RAG deployment

Deploy a RAG model with Quantlix

This guide shows the production path for retrieval-augmented generation: connect a model, ingest documents, test retrieval, create a governed workflow, and inspect traces and audit evidence.

1. Choose the model provider

Connect the chat model you want to use for answer generation, such as Anthropic, OpenAI, Azure OpenAI, Bedrock, Groq, or Together.

2. Add an embedding provider

Add an embedding-capable provider, such as Voyage AI or another configured embedding model. Embeddings power semantic search over your documents.

3. Create a deployment

Create a Quantlix deployment for the chat model, then bind it to the provider model you want Quantlix to govern.

4. Create a knowledge base

In Dashboard → Knowledge, create a knowledge base. This is the container for sources, chunks, embeddings, and vector indexes.

5. Configure chunking and embeddings

Pick a chunking profile, embedding profile, and vector index. The default pgvector path is enough for local or early production testing.

6. Add documents or sources

Upload files, connect S3-compatible storage, or add web sources. Trigger ingestion so Quantlix can fetch, chunk, embed, and index the content.

7. Test retrieval

Use the Knowledge area or retrieval API to ask a question and confirm relevant chunks are returned before adding model generation.

8. Build the RAG workflow

Use input → retrieval → rerank → answer_with_citations → output for evidence-backed workflow responses. For full generated answers, use the RAG API or add a supported prompt-building step before a model node.

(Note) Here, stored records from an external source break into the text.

(* Let $h>0$ and let $f\in H^\omega(X)\cap L_{\mathrm{loc}}(X)$. Then \[ \|f-S_hf\|_{\mathcal{B}(X)}\le\frac{\|f\|_{H^\omega(X)}}{\mu(B_h)}\int_{B_h}\omega(\rho(u,\theta))\,d\mu(u). \] The inequality is sharp: for every $c\in\mathbb R$ the functions $f_\omega(x)=c\pm\omega(\rho(x,\theta))$ belong to $H^\omega(X)$, satisfy $\|f_\omega\|_{H^\omega(X)}=1$, and turn the inequality into an equality.
   Context: Standing setting: $(X,\rho)$ is a metric space with a Borel measure $\mu$. $X$ is a commutative monoid, i.e. there is an associative and commutative binary operation $+$ on $X$ with a neutral element $\theta$ ($x+\theta=x$ for all $x$). The measure is translation invariant: $\mu(x+Q)=\mu(Q)$ for every $\mu$-measurable $Q\subset X$ and every $x\in X$; correspondingly $\int_{B_h}g(x+u)\,d\mu(u)=\int_{x+B_h}g(u)\,d\mu(u)$ for locally integrable $g$. Moreover $\rho(x+y,x)\le\rho(y,\theta)$ for all $x,y\in X$. $B_h$ denotes the open ball of radius $h$ centered at $\theta$, and it is assumed that $0<\mu(B_h)<\infty$ and $B_h\neq\{\theta\}$ for every $h>0$. Every continuous real function on $X$ is integrable on every open ball. $L_{\mathrm{loc}}(X)$ is the space of functions $f\colon X\to\mathbb R$ integrable on every open ball. For a bounded function $f$, $\|f\|_{\mathcal B(X)}=\sup_{x\in X}|f(x)|$. A modulus of continuity is a function $\omega\colon[0,\infty)\to[0,\infty)$ that is non-decreasing, semi-additive ($\omega(s+t)\le\omega(s)+\omega(t)$), with $\omega(0)=0$, and not identically zero (so $\omega(t)>0$ for $t>0$). $H^\omega(X)$ is the space of $f\colon X\to\mathbb R$ with $\|f\|_{H^\omega(X)}:=\sup_{x\neq y}\frac{|f(x)-f(y)|}{\omega(\rho(x,y))}<\infty$. For $h>0$ and $f\in L_{\mathrm{loc}}(X)$, $S_hf(x)=\frac{1}{\mu(B_h)}\int_{B_h}f(x+u)\,d\mu(u)$. *)

From HB Require Import structures.
From mathcomp Require Import all_boot all_order all_algebra.
From mathcomp Require Import all_classical all_reals all_analysis.
Set Implicit Arguments. Unset Strict Implicit. Unset Printing Implicit Defensive.
Import Order.TTheory GRing.Theory Num.Theory.
Import numFieldNormedType.Exports.
Local Open Scope classical_set_scope.
Local Open Scope ring_scope.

9. Add policies and budgets

Apply schema contracts, PII redaction, budget gates, and audit exports so the RAG model behaves predictably in production.

10. Run, trace, and iterate

Run a question, inspect traces, citations, retrieval quality, cost, latency, and model payloads. Add evals once you have golden questions.

Recommended workflow shape

For a simple evidence-backed RAG workflow, start with this graph and add controls as risk increases:

input
  → retrieval
  → rerank (optional)
  → answer_with_citations
  → output

This workflow returns cited evidence from retrieved chunks. If you need provider-generated prose, use the RAG API or build a prompt field that explicitly contains the retrieved context before calling a model node.

Common questions

Do I need to train a model?

No. RAG usually means you keep the model general-purpose and retrieve your documents at request time. You update the knowledge base, not the model weights.

Can I use Claude, OpenAI, Azure OpenAI, Bedrock, Groq, or Together?

Yes. Connect the provider, sync models, create a provider-backed deployment, then use that deployment in the RAG workflow or RAG API.

Where are documents stored?

Documents and chunks are stored in Quantlix storage for the selected deployment model. Embeddings are written to the configured vector backend such as pgvector, Pinecone, Weaviate, or Qdrant.

How do citations work?

Retrieval returns chunks with document and source metadata. RAG answers can include citations when the answer generation path uses retrieved evidence.